Note that the cameras should remain in the exact same place throughout the duration of capturing.
Action Processing
Testing Notes
(4) Kinect v1
- Setup
- Multiple Kinect v1 sensors may be driven by the same host system running Windows 7 (maybe earlier) or newer. The limitation imposed on number of Kinect v1 sensors per computer is the number of hardware USB controllers present in the system. It is recommended that the system provide one USB controller per Kinect v1. This hasn't been tested due to possible wasted time. In these tests, there are two Kinect v1 driven by each of two PCs, one slave and one master.
(3) Kinect v2
- Setup
- Each Kinect v2 must be driven by a dedicated PC running Windows 8 or 10. This is because the Kinect SDK only supports one device per system and requires Windows 8 or newer OS. I used the processing desktop as one PC and two ASUS laptops to drive the other two sensors remotely.
- Operation
- This procedure is roughly the same as for the Kinect v1 except that v2 does not have computer controls (i.e. configurable properties) to adjust elevation. This is not a problem at all since the larger FOV of v2 is quite forgiving when manually adjusting sensor elevation.
- The captured files were for a 22s calibration scene, and each of three files was 130-170MB. The approximate download time via 802.11n was 6 minutes.
- Calibration
- Adjusted the ROI to clip off the end of the scene when I walked out of the calibration volume to stop recording. The resulting ROI is 488 frames (16s). The calibration only took about a minute, but the quality was not good enough. Visual inspection of the resulting camera transforms revealed a failed calibration. The poor metrics were 147 good frames and 87% occlusions. I noticed that when making spirals with the light marker, I was occluding the light with the arm I was holding it in to the view of the camera behind me.

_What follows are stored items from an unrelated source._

Definition etc (n : nat) (a b c A B C : R) : R * R :=
  match n with
  | 1%nat => (a * 1, 1)
  | 2%nat => (1, 1)
  | 3%nat => (a * cos A, 1)
  | 4%nat => (a * 1, cos A)
  | 5%nat => (a * cos (B - C), 1)
  | 6%nat => (a * a, 1)
  | 7%nat => (1, b + c - a)
  | 8%nat => (b + c - a, 1)
  | 9%nat => (a * (b + c - a), 1)
  | 10%nat => (a * (b * c * (b + c)), 1)
  | 11%nat => (a * (1 - cos (B - C)), 1)
  | 12%nat => (a * (1 + cos (B - C)), 1)
  | 13%nat => (a * 1, sin (A + PI / 3))
  | 14%nat => (a * 1, sin (A - PI / 3))
  | 15%nat => (a * sin (A + PI / 3), 1)
  | 16%nat => (a * sin (A - PI / 3), 1)
  | 17%nat => (a * 1, sin (A + PI / 6))
  | 18%nat => (a * 1, sin (A - PI / 6))
  | 19%nat => (a * sin A, cos A)
  | 20%nat => (a * (cos A - cos B * cos C), 1)
  | 21%nat => (a * 1, cos B + cos C)
  | 22%nat => (a * (a * (b ^ 4 + c ^ 4 - a ^ 4)), 1)
  | 23%nat => (a * (a * (b ^ 4 + c ^ 4 - a ^ 4 - b ^ 2 * c ^ 2)), 1)
  | 24%nat => (a * cos (2 * A), cos A)
  | 25%nat => (a * (sin A * sin A), cos A)
  | 26%nat => (a * (a * (b ^ 2 * cos (2 * B) + c ^ 2 * cos (2 * C)
                         - a ^ 2 * cos (2 * A))), 1)
  | 27%nat => (a * 1, cos A * (b + c))
  | 28%nat => (a * sin A, cos A * (b + c))
  | 29%nat => (a * 1, cos A * (cos B + cos C))
  | 30%nat => (a * (cos A - 2 * cos B * cos C), 1)
  | 31%nat => (a * a ^ 2, 1)
  | 32%nat => (a * a ^ 3, 1)
  | 33%nat => (a * (cos A + 1), cos A)
  | 34%nat => (a * (cos A - 1), cos A)
  | 35%nat => (a * (1 + 2 * cos A), 1)
  | 36%nat => (a * (1 - 2 * cos A), 1)
  | 37%nat => (a * (b + c), 1)
  | 38%nat => (a * (b ^ 2 + c ^ 2), 1)
  | 39%nat => (a * (a * (b ^ 2 + c ^ 2)), 1)
  | 40%nat => (a * (cos B + cos C - cos A - 1), 1)
  | 41%nat => (a * (a ^ 2 * (b + c - a)), 1)
  | 42%nat => (a * (a * (b + c)), 1)
  | 43%nat => (a * (a * b + a * c - b * c), 1)
  | 44%nat => (a * (b + c - 2 * a), 1)
  | 45%nat => (a * (2 * b + 2 * c - a), 1)
  | 46%nat => (a * (cos B + cos C - cos A), 1)
  | 47%nat => (a * cos (2 * A), 1)
  | 48%nat => (a * sin (2 * A), 1)
  | 49%nat => (a * cos (3 * A), 1)
  | 50%nat => (a * sin (3 * A), 1)
  | 51%nat => (a * (a ^ 2 * cos (B - C)), 1)
  | 52%nat => (a * (cos (2 * A) * cos (B - C)), 1)
  | 53%nat => (a * (sin A * cos (B - C)), cos A)
  | 54%nat => (a * 1, cos (B - C))
  | 55%nat => (a * (a * (b + c - a)), 1)
  | 56%nat => (a * a, b + c - a)
  | 57%nat => (a * 1, b + c - a)
  | 58%nat => (a * a, b + c)
  | 59%nat => (a * 1, 1 - cos (B - C))
  | 60%nat => (a * 1, 1 + cos (B - C))
  | 61%nat => (a * cos (A - PI / 3), 1)
  | 62%nat => (a * cos (A + PI / 3), 1)
  | 63%nat => (a * cos A, sin A)
  | 64%nat => (a * 1, cos A - cos B * cos C)
  | 65%nat => (a * (cos B + cos C), 1)
  | 66%nat => (a * 1, a * (b ^ 4 + c ^ 4 - a ^ 4))
  | 67%nat => (a * 1, a * (b ^ 4 + c ^ 4 - a ^ 4 - b ^ 2 * c ^ 2))
  | 68%nat => (a * cos A, cos (2 * A))
  | 69%nat => (b ^ 2 + c ^ 2 - a ^ 2, 1)
  | 70%nat => (a * 1, a * (b ^ 2 * cos (2 * B) + c ^ 2 * cos (2 * C)
                            - a ^ 2 * cos (2 * A)))
  | 71%nat => (a * ((b + c) * cos A), 1)
  | 72%nat => (a * ((b + c) * cos A), sin A)
  | 73%nat => (a * ((b + c) * cos A), b + c - a)
  | 74%nat => (a * 1, cos A - 2 * cos B * cos C)
  | 75%nat => (a * 1, a ^ 2)
  | 76%nat => (a * 1, a ^ 3)
  | 77%nat => (a * cos A, cos A + 1)
  | 78%nat => (a * cos A, cos A - 1)
  | 79%nat => (a * 1, 1 + 2 * cos A)
  | 80%nat => (a * 1, 1 - 2 * cos A)
  | 81%nat => (a * 1, b + c)
  | 82%nat => (a * 1, b ^ 2 + c ^ 2)
  | 83%nat => (a * 1, a * (b ^ 2 + c ^ 2))
  | 84%nat => (a * 1, cos B + cos C - cos A - 1)
  | 85%nat => (1, a * (b + c - a))
  | 86%nat => (1, b + c)
  | 87%nat => (a * 1, a * b + a * c - b * c)
  | 88%nat => (a * 1, b + c - 2 * a)
  | 89%nat => (a * 1, 2 * b + 2 * c - a)
  | 90%nat => (a * 1, cos B + cos C - cos A)
  | 91%nat => (a * 1, cos (2 * A))
  | 92%nat => (a * 1, sin (2 * A))
  | 93%nat => (a * 1, cos (3 * A))
  | 94%nat => (a * 1, sin (3 * A))
  | 95%nat => (1, a ^ 2 * (b ^ 2 + c ^ 2) - (b ^ 2 - c ^ 2) ^ 2)
  | 96%nat => (a * 1, cos (2 * A) * cos (B - C))
  | 97%nat => (a * cos A, sin A * cos (B - C))
  | 98%nat => (a * (b * c), b ^ 4 + c ^ 4 - a ^ 2 * b ^ 2 - a ^ 2 * c ^ 2)
  | 99%nat => (a * (b * c), b ^ 2 - c ^ 2)
  | 100%nat => (a * 1, b - c)
  | _ => (0, 1)
  end.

- In a second attempt, a much larger ROI (800 frames) resulted in another failed calibration. Very few (roughly 150) good frames were found.
- In a third attempt, the cameras were rotated slightly to move the glare from other cameras' IR emitters away from the calibration volume. A much longer clip was recorded in which a four quadrant helix wanding was performed twice and then the volume boundary was swept in a spiral (increased total volume swept compared to previous attempts). This resulted in three data files in the range of sizes 470-723MB (1.78GB after merge) with time length of 97s. In efforts to create the best chance of successful calibration, the ROI was maximally clipped to 2700 frames. This still didn't work. It turns out that I was holding the lens cap to the flashlight in my unused hand, and I think this was registering as false light markers in many frames.
- Attempt four finally worked although the resulting accuracy was deemed a failure at roughly 8cm. The cameras seemed to register correct positions, so I moved forward. Some new changes that were made this time include turning the room lights on (possibly no impact, I'm not sure) and increasing the duration of background capturing to 10s.
- Action
- The test action recorded is a sequence of three squats. The ROI was trimmed front and back to a duration of 18.5s. I proceed with the same processing technique used previously:
- Track forward course (tracking resolution: low) - about 5 minutes
- Refine forward fine (tracking resolution: high) - 14:30 (1.5fps)
- Jitter removal (default settings) - 3 minutes
- Problems
- When downloading slave data from two ASUS laptops, the download failed after roughly six minutes (near completion). To work around this issue, start by manually transfering the data files from the slaves to the master. Then, in the recorder program, invoke HOME >> MERGE VIDEOS, select the slave files and the master file and follow the prompts. You should then see the merged video file in the same directory as the master input file.
- Don't hold reflective stuff (i.e. flashlight lens cap) while capturing a calibration scene!